* [Stored records]
####

(* For every $n\in\mathbb{Z}^+$ we have $$N(1,1,6;2n)=N(1,1,3;n),\qquad t(1,1,6;8n+4)=2t(1,1,3;n),\qquad t(1,1,6;32n+19)=4t(1,1,3;n).$$ Moreover, for every $n\in\mathbb{Z}^+$ with $n\not\equiv 15\pmod{16}$ we have $$t(1,1,6;n)=\begin{cases} 4N(1,1,3;n+1)&\text{if } n\equiv 1,2\pmod 4,\\ 2N(1,1,3;n+1)&\text{if } n\equiv 0\pmod 8,\\ N(1,1,3;n+1)&\text{if } n\equiv 4\pmod 8 \text{ or } n\equiv 19\pmod{32},\\ \frac 85N(1,1,3;n+1)&\text{if } n\equiv 7,11\pmod{16},\\ \frac 43N(1,1,3;n+1)&\text{if } n\equiv 3\pmod{32}.\end{cases}$$
   Context: $\mathbb{Z}^+$ is the set of positive integers. For $a,b,c\in\mathbb{Z}^+$ and nonnegative integer $n$, $N(a,b,c;n)$ denotes the number of triples $(x,y,z)\in\mathbb{Z}^3$ with $n=ax^2+by^2+cz^2$, and $t(a,b,c;n)$ denotes the number of triples $(x,y,z)\in\mathbb{Z}^3$ with $n=a\frac{x(x+1)}2+b\frac{y(y+1)}2+c\frac{z(z+1)}2$. *)

From mathcomp Require Import all_boot all_order all_algebra.
Set Implicit Arguments. Unset Strict Implicit. Unset Printing Implicit Defensive.
Import Order.TTheory GRing.Theory Num.Theory.
Local Open Scope ring_scope.

Definition zbox (m : nat) : seq int :=
  [seq (i%:Z - m%:Z) | i <- iota 0 (2 * m + 1)].

(* Number of (x,y,z) in Z^3 with n = a x^2 + b y^2 + c z^2.
   For a,b,c >= 1 every solution satisfies |x|,|y|,|z| <= n, so
   enumerating the box [-n,n]^3 counts all of Z^3. *)
Definition N (a b c n : nat) : nat :=
  (\sum_(x <- zbox n) \sum_(y <- zbox n) \sum_(z <- zbox n)
     nat_of_bool ((a%:Z * x ^+ 2 + b%:Z * y ^+ 2 + c%:Z * z ^+ 2 == n%:Z)%R))%N.

Definition tri (x : int) : int := ((x * (x + 1)) %/ 2)%Z.

(* Number of (x,y,z) in Z^3 with n = a T(x) + b T(y) + c T(z).
   For a,b,c >= 1 every solution has |x|,|y|,|z| <= n+1 (since
   T(x) > n whenever |x| >= n+2), so the box [-(n+1),n+1]^3 suffices. *)
Definition t (a b c n : nat) : nat :=
  (\sum_(x <- zbox n.+1) \sum_(y <- zbox n.+1) \sum_(z <- zbox n.+1)
     nat_of_bool ((a%:Z * tri x + b%:Z * tri y + c%:Z * tri z == n%:Z)%R))%N.

From mathcomp Require Import all_boot all_order all_algebra.
Import Order.TTheory GRing.Theory Num.Theory.
From mathcomp Require Import zify ring lra.

(* Every count is reduced to r(m) = #{(x,y,z) : x^2 + y^2 + 3z^2 = m} and to r'(m), the
   number of those solutions with x + z odd (r113 m predT and r113 m oddxz below), by
   explicit bijections of lattice points:
   (x,y,z) |-> (x+y+1, x-y, 2z+1) identifies t(1,1,6;n) with the solutions of
   x^2 + y^2 + 3z^2 = 4(n+1) having x + y odd, and (x,y,z) |-> (2x+1, 2y+1, 2z+1) identifies
   t(1,1,3;n) with the all-odd solutions for 8n+5.  Squares modulo 8 decide which parity
   patterns occur, and solutions with x, z odd are transported through the factorisation
   x + z sqrt(-3) = (a + b sqrt(-3))(1 +- sqrt(-3)), a factor of norm 4.  This yields
   t(1,1,6;n) = 4r'(n+1), t(1,1,3;n) = 2r'(8n+5), r(4m) = r(m) + 4r'(m), r'(4m) = 2r'(m),
   and r(m) = r'(m), 2r'(m), 4r'(m) for m = 2,3 (mod 4), 1 (mod 8), 5 (mod 8); the theorem
   combines these identities. *)

Set Implicit Arguments. Unset Strict Implicit. Unset Printing Implicit Defensive.
Local Open Scope ring_scope.

Definition triple := (int * int * int)%type.

Definition cube (B : nat) : seq triple :=
  [seq (p, z) | p <- [seq (x, y) | x <- zbox B, y <- zbox B], z <- zbox B].

Definition ncube (B : nat) (P : pred triple) : nat := count P (cube B).

Lemma mem_zbox B x : (x \in zbox B) = (- B%:Z <= x <= B%:Z).
Proof.
apply/mapP/idP => [[i]|xB]; first by rewrite mem_iota => /andP[_ iB] ->; lia.
by exists (absz (x + B%:Z)); [rewrite mem_iota|]; lia.
Qed.

Lemma uniq_zbox B : uniq (zbox B).
Proof. by rewrite map_inj_uniq ?iota_uniq // => i j; lia. Qed.

Lemma mem_cube B x y z : ((x, y, z) \in cube B) =
  [&& - B%:Z <= x <= B%:Z, - B%:Z <= y <= B%:Z & - B%:Z <= z <= B%:Z].
Proof.
rewrite -!mem_zbox; apply/allpairsP/and3P => [[[p w] /= [pB zB [pE ->]]]|[xB yB zB]].
  by move: pB; rewrite -pE => /allpairsP[[a b] /= [xB yB [-> ->]]].
by exists ((x, y), z); split=> //; apply/allpairsP; exists (x, y).
Qed.

Lemma uniq_cube B : uniq (cube B).
Proof. by rewrite !allpairs_uniq ?uniq_zbox // => -[? ?] [? ?]. Qed.

Lemma sum_zbox3 B (F : int -> int -> int -> bool) :
  (\sum_(x <- zbox B) \sum_(y <- zbox B) \sum_(z <- zbox B) F x y z)%N =
  ncube B (fun '(x, y, z) => F x y z).
Proof. by rewrite /ncube -sumn_count sumnE big_map !big_allpairs. Qed.

Lemma ncube_le B1 B2 (P1 P2 : pred triple) (f g : triple -> triple) :
  (forall v, P1 v -> P2 (f v) /\ g (f v) = v) -> (forall v, P2 v -> v \in cube B2) ->
  (ncube B1 P1 <= ncube B2 P2)%N.
Proof.
move=> fP P2B; rewrite /ncube -!size_filter -(size_map f).
apply: uniq_leq_size => [|u /mapP[v]].
  rewrite map_inj_in_uniq ?filter_uniq ?uniq_cube //.
  by apply: (can_in_inj (g := g)) => v; rewrite mem_filter => /andP[/fP[]].
rewrite mem_filter => /andP[/fP[P2fv _] _] ->.
by rewrite mem_filter P2fv P2B.
Qed.

Lemma ncube_bij B1 B2 (P1 P2 : pred triple) (f g : triple -> triple) :
  (forall v, P1 v -> v \in cube B1) -> (forall v, P2 v -> v \in cube B2) ->
  (forall v, P1 v -> P2 (f v) /\ g (f v) = v) ->
  (forall w, P2 w -> P1 (g w) /\ f (g w) = w) ->
  ncube B1 P1 = ncube B2 P2.
Proof.
move=> P1B P2B fP gP; apply/eqP; rewrite eqn_leq.
by rewrite (ncube_le _ fP P2B) (ncube_le _ gP P1B).
Qed.

Lemma ncube_split B (P c : pred triple) :
  ncube B P = (ncube B (fun v => P v && c v) + ncube B (fun v => P v && ~~ c v))%N.
Proof. by rewrite /ncube; elim: (cube B) => //= v s ->; case: (P v) (c v) => [] []; lia. Qed.

Definition oddz (x : int) : bool := (x %% 2 == 1)%Z.

Lemma sqrz_mod (x : int) :
  ((x %% 2 = 0)%Z /\ (x ^+ 2 %% 4 = 0)%Z) \/ ((x %% 2 = 1)%Z /\ (x ^+ 2 %% 8 = 1)%Z).
Proof.
have [k [r [-> r03]]] : exists k r, x = 4 * k + r /\ 0 <= r < 4.
  by exists (x %/ 4)%Z, (x %% 4)%Z; lia.
have -> : (4 * k + r) ^+ 2 = 8 * (2 * k ^+ 2 + k * r) + r ^+ 2 by ring.
have : r = 0 \/ r = 1 \/ r = 2 \/ r = 3 by lia.
by case=> [|[|[|]]] ->; lia.
Qed.

Definition q113 (v : triple) : int := let: (x, y, z) := v in x ^+ 2 + y ^+ 2 + 3 * z ^+ 2.

Definition r113 (m : nat) (P : pred triple) : nat :=
  ncube m (fun v => (q113 v == m%:Z) && P v).

Definition oddxz : pred triple := fun '(x, _, z) => oddz (x + z).
Definition oddxz_eveny : pred triple := fun '(x, y, z) => [&& oddz x, oddz z & ~~ oddz y].

(* lia only succeeds once the parity cases of the three squares have been split. *)
Ltac sqr_mod_lia x y z :=
  case: (sqrz_mod x) => [[? ?]|[? ?]]; case: (sqrz_mod y) => [[? ?]|[? ?]];
  case: (sqrz_mod z) => [[? ?]|[? ?]]; unfold q113, oddxz, oddxz_eveny, oddz in *; lia.

Lemma q113_cube m v : q113 v = m%:Z -> v \in cube m.
Proof. by case: v => [[x y] z] /= q; rewrite mem_cube; nia. Qed.

Lemma r113_cube m (P : pred triple) v : (q113 v == m%:Z) && P v -> v \in cube m.
Proof. by case/andP => /eqP /q113_cube. Qed.

Lemma eq_r113 m (P Q : pred triple) :
  (forall v, q113 v = m%:Z -> P v = Q v) -> r113 m P = r113 m Q.
Proof. by move=> PQ; apply: eq_count => v; case: eqP => //= /PQ. Qed.

Lemma r113_split m (P c : pred triple) :
  r113 m P = (r113 m (fun v => P v && c v) + r113 m (fun v => P v && ~~ c v))%N.
Proof. by rewrite /r113 (ncube_split _ _ c); congr addn; apply: eq_count => v; rewrite andbA. Qed.

Lemma r113_invariant m (P : pred triple) (s : triple -> triple) :
  involutive s -> (forall v, q113 (s v) = q113 v) -> r113 m (P \o s) = r113 m P.
Proof.
move=> sK qs; apply: (ncube_bij (f := s) (g := s)).
- exact: r113_cube.
- exact: r113_cube.
- by move=> v; rewrite /= sK qs.
- by move=> v; rewrite /= -{1}(sK v) qs sK.
Qed.

Definition swapxy (v : triple) : triple := let: (x, y, z) := v in (y, x, z).
Definition flipz (v : triple) : triple := let: (x, y, z) := v in (x, y, - z).

Lemma r113_swapxy m (P : pred triple) : r113 m (P \o swapxy) = r113 m P.
Proof. by apply: r113_invariant => [[[x y] z]|[[x y] z]] //=; ring. Qed.

Lemma r113_flipz m (P : pred triple) : r113 m (P \o flipz) = r113 m P.
Proof. by apply: r113_invariant => [[[x y] z]|[[x y] z]] /=; rewrite ?opprK //; ring. Qed.

(* x + z sqrt(-3) = (a + b sqrt(-3))(1 + sqrt(-3)) with a, b integral iff x = z (mod 4). *)
Lemma r113_eisenstein k (P : pred int) :
  r113 k (fun '(x, y, z) => [&& oddz x, oddz z, ((x - z) %% 4 == 0)%Z & P y]) =
  ncube k (fun '(a, y, b) => [&& 4 * (a ^+ 2 + 3 * b ^+ 2) + y ^+ 2 == k%:Z, oddz (a + b) & P y]).
Proof.
have normM (a b : int) : (a - 3 * b) ^+ 2 + 3 * (a + b) ^+ 2 = 4 * (a ^+ 2 + 3 * b ^+ 2).
  by ring.
have divK (a b : int) :
    ((a - 3 * b + 3 * (a + b)) %/ 4)%Z = a /\ ((a + b - (a - 3 * b)) %/ 4)%Z = b.
  by lia.
apply: (ncube_bij (f := fun '(x, y, z) => ((x + 3 * z) %/ 4, y, (z - x) %/ 4)%Z)
                  (g := fun '(a, y, b) => (a - 3 * b, y, a + b))).
- exact: r113_cube.
- by move=> [[a y] b] /and3P[/eqP q _ _]; rewrite mem_cube; nia.
- move=> [[x y] z] /andP[/eqP q /and4P[ox oz xz Py]].
  have [a [b [xE zE]]] : exists a b, x = a - 3 * b /\ z = a + b.
    by exists ((x + 3 * z) %/ 4)%Z, ((z - x) %/ 4)%Z; move: ox oz xz; rewrite /oddz; lia.
  move: q oz; rewrite {}xE {}zE /= addrAC normM; case: (divK a b) => -> -> -> oz.
  by rewrite eqxx oz Py.
- move=> [[a y] b] /and3P[/eqP q oab Py] /=.
  case: (divK a b) => -> ->; rewrite addrAC normM q eqxx oab Py; split=> //.
  by move: oab; rewrite /oddz; lia.
Qed.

####

From the very first line of the data through the line with "number of those" in it, please reproduce each line exactly and output nothing more.

* [Exercise output]
(* For every $n\in\mathbb{Z}^+$ we have $$N(1,1,6;2n)=N(1,1,3;n),\qquad t(1,1,6;8n+4)=2t(1,1,3;n),\qquad t(1,1,6;32n+19)=4t(1,1,3;n).$$ Moreover, for every $n\in\mathbb{Z}^+$ with $n\not\equiv 15\pmod{16}$ we have $$t(1,1,6;n)=\begin{cases} 4N(1,1,3;n+1)&\text{if } n\equiv 1,2\pmod 4,\\ 2N(1,1,3;n+1)&\text{if } n\equiv 0\pmod 8,\\ N(1,1,3;n+1)&\text{if } n\equiv 4\pmod 8 \text{ or } n\equiv 19\pmod{32},\\ \frac 85N(1,1,3;n+1)&\text{if } n\equiv 7,11\pmod{16},\\ \frac 43N(1,1,3;n+1)&\text{if } n\equiv 3\pmod{32}.\end{cases}$$
   Context: $\mathbb{Z}^+$ is the set of positive integers. For $a,b,c\in\mathbb{Z}^+$ and nonnegative integer $n$, $N(a,b,c;n)$ denotes the number of triples $(x,y,z)\in\mathbb{Z}^3$ with $n=ax^2+by^2+cz^2$, and $t(a,b,c;n)$ denotes the number of triples $(x,y,z)\in\mathbb{Z}^3$ with $n=a\frac{x(x+1)}2+b\frac{y(y+1)}2+c\frac{z(z+1)}2$. *)

From mathcomp Require Import all_boot all_order all_algebra.
Set Implicit Arguments. Unset Strict Implicit. Unset Printing Implicit Defensive.
Import Order.TTheory GRing.Theory Num.Theory.
Local Open Scope ring_scope.

Definition zbox (m : nat) : seq int :=
  [seq (i%:Z - m%:Z) | i <- iota 0 (2 * m + 1)].

(* Number of (x,y,z) in Z^3 with n = a x^2 + b y^2 + c z^2.
   For a,b,c >= 1 every solution satisfies |x|,|y|,|z| <= n, so
   enumerating the box [-n,n]^3 counts all of Z^3. *)
Definition N (a b c n : nat) : nat :=
  (\sum_(x <- zbox n) \sum_(y <- zbox n) \sum_(z <- zbox n)
     nat_of_bool ((a%:Z * x ^+ 2 + b%:Z * y ^+ 2 + c%:Z * z ^+ 2 == n%:Z)%R))%N.

Definition tri (x : int) : int := ((x * (x + 1)) %/ 2)%Z.

(* Number of (x,y,z) in Z^3 with n = a T(x) + b T(y) + c T(z).
   For a,b,c >= 1 every solution has |x|,|y|,|z| <= n+1 (since
   T(x) > n whenever |x| >= n+2), so the box [-(n+1),n+1]^3 suffices. *)
Definition t (a b c n : nat) : nat :=
  (\sum_(x <- zbox n.+1) \sum_(y <- zbox n.+1) \sum_(z <- zbox n.+1)
     nat_of_bool ((a%:Z * tri x + b%:Z * tri y + c%:Z * tri z == n%:Z)%R))%N.

From mathcomp Require Import all_boot all_order all_algebra.
Import Order.TTheory GRing.Theory Num.Theory.
From mathcomp Require Import zify ring lra.

(* Every count is reduced to r(m) = #{(x,y,z) : x^2 + y^2 + 3z^2 = m} and to r'(m), the
   number of those solutions with x + z odd (r113 m predT and r113 m oddxz below), by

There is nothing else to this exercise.